Título: Itália não consegue formar governo e impasse faz mercados despencarem
Autor: Chade, Jamil
Fonte: O Estado de São Paulo, 27/02/2013, Internacional, p. A10

Crise. Sem maioria no Parlamento para comandar o país, coalizão de Pier Luigi Bersani rejeita aliança com grupo de Berlusconi e Bolsa de Milão cai 4,9%; Beppe Grillo, terceiro mais votado, recusa acordo com partidos que criticou durante a campanha eleitoral

Diante de um resultado eleitoral inconclusivo e do impasse na formação do novo governo, os principais partidos da Itália lançaram-se ontem em uma guerra declarada pelo poder e trouxeram de volta o clima de instabilidade para a Europa. Os mercados desabaram, enquanto líderes políticos reconheceram que a fase de incertezas poderá levar meses para ser superada.

A Bolsa de Milão caiu 4,9%, enquanto os spreads nos títulos de Itália, Portugal e Espanha sofreram um forte aumento. O euro voltou a perder valor para o dólar, enquanto hedge funds promoveram uma fuga em massa de ativos italianos. A Bolsa de Madri perdeu mais de 3,2%. A queda na Alemanha foi de 2%, em Londres, 1,4%, e em Paris, 2,7%. As bolsas dos EUA e da Ásia também sofreram.

Guido Westerwelle, ministro de Finanças da Alemanha, deixou claro que a Itália precisa continuar a reduzir sua dívida por meio de cortes. "A Itália tem um papel central na crise da dívida na Europa. Estamos todos no mesmo barco", alertou.

A crise em Roma levou à discussão aberta sobre a necessidade de um resgate financeiro da União Europeia para blindar o euro de uma contaminação. "A situação da Itália é dramática", afirmou Pier Luigi Bersani, líder do Partido Democrático (PD). Por seu partido ter sido o mais votado nas eleições de domingo e segunda-feira, ele será o primeiro a tentar formar um governo nas próximas semanas.

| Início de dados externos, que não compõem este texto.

Lemma enorm2_le_abs a b : enorm2 a b <= `|a| + `|b|.
Proof.
apply: enorm2_le; first by rewrite addr_ge0.
rewrite sqrrD !real_normK ?num_real // -mulr_natr.
have : 0 <= `|a| * `|b| by rewrite mulr_ge0.
nra.
Qed.

Lemma enorm2Z k a b : 0 <= k -> enorm2 (k * a) (k * b) = k * enorm2 a b.
Proof.
move=> k0; rewrite /enorm2 !exprMn -mulrDr sqrtrM ?sqr_ge0 //.
by rewrite sqrtr_sqr ger0_norm.
Qed.

Lemma enorm2N a b : enorm2 (- a) (- b) = enorm2 a b.
Proof. by rewrite /enorm2 !sqrrN. Qed.

Lemma enorm2D a b c d : enorm2 (a + b) (c + d) <= enorm2 a c + enorm2 b d.
Proof.
apply: enorm2_le; first by rewrite addr_ge0 ?enorm2_ge0.
have cauchy_schwarz : a * b + c * d <= enorm2 a c * enorm2 b d.
  have h0 : 0 <= enorm2 a c * enorm2 b d by rewrite mulr_ge0 ?enorm2_ge0.
  have h1 : (a * b + c * d) ^+ 2 <= (enorm2 a c * enorm2 b d) ^+ 2.
    rewrite exprMn !enorm2_sqr; have := sqr_ge0 (a * d - b * c); nra.
  case: (lerP (a * b + c * d) 0) => h; first exact: le_trans h h0.
  by rewrite -(ler_pXn2r (n:=2)) // ?nnegrE // ltW.
rewrite [X in _ <= X]sqrrD !enorm2_sqr -mulr_natr; nra.
Qed.

End Enorm2.

Section RealFunctions.
Variable R : realType.
Implicit Types f : R -> R.

Lemma periodicz f : (forall t, f (t + 1) = f t) ->
  forall (k : int) t, f (t + k%:~R) = f t.
Proof.
move=> f1; have fn (m : nat) t : f (t + m%:R) = f t.
  by elim: m t => [|m IH] t; rewrite ?addr0 // -natr1 addrA f1 IH.
case=> [m|m] t; first exact: fn.
by rewrite NegzE mulrNz -[in RHS](subrK m.+1%:~R t) fn.
Qed.

Lemma floor_decomp (t : R) : exists (k : int) (s : R), 0 <= s < 1 /\ t = s + k%:~R.
Proof.
exists (Num.floor t), (t - (Num.floor t)%:~R); split; last by rewrite subrK.
have /andP[h1 h2] := floor_itv t.
rewrite intrD in h2; apply/andP; split; lra.
Qed.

A eleição escancarou o protesto de milhões de italianos contra as políticas de austeridade do primeiro-ministro Mario Monti. No entanto, também abriu uma crise política diante da "ingovernabilidade" do país em razão da incapacidade dos partidos em obter maioria no Parlamento. Nas principais capitais europeias - e mesmo em Washington líderes não escondiam a preocupação.

Ontem, o primeiro a se manifestar foi Silvio Berlusconi, cuja coalizão obteve o controle apertado do Senado e ficou com a segunda maior bancada da Câmara. Para ele, a Itália deveria formar um governo de coalizão nacional e evitar novas eleições, que só poderiam ser convocadas depois de maio.

"Todos precisam estar prontos para fazer sacrifícios", disse, insinuando que estaria disposto a aceitar um acordo com Bersani, rival histórico. "Precisamos refletir agora. A Itália não pode ficar desgovernada."

Horas depois, Bersani subiu ao palco abatido. "Não vencemos, mesmo tendo chegado em primeiro", disse. O líder da centro-esquerda referia-se à possibilidade quase nula de conseguir formar um novo governo sem ter obtido uma maioria no Parlamento.

Líderes do PD já deixaram claro que não aceitam uma aliança com Berlusconi. Ainda assim, Bersani insinuou que estaria disposto a um acordo, sabendo que, sem isso, seu governo não sobrevive. Uma opção seria uma aproximação com a grande surpresa da eleição, o comediante Beppe Grillo, que obteve 25% dos votos, mas já anunciou que não fará alianças com partidos que atacou durante a campanha.

Bersani e Berlusconi temem que o impasse leve a uma nova eleição. O motivo: as projeções, apontam que, se isso ocorrer, há grande chance de Grillo sair com maioria suficiente para governar sozinho.

Por enquanto, a única certeza é que o imbróglio será longo. O novo Parlamento só se reúne no dia 15 e, no dia 21, o presidente italiano, Giorgio Napolitano, iniciará negociações para formar o governo. Até lá, o primeiro-ministro Mario Monti segue à frente do país.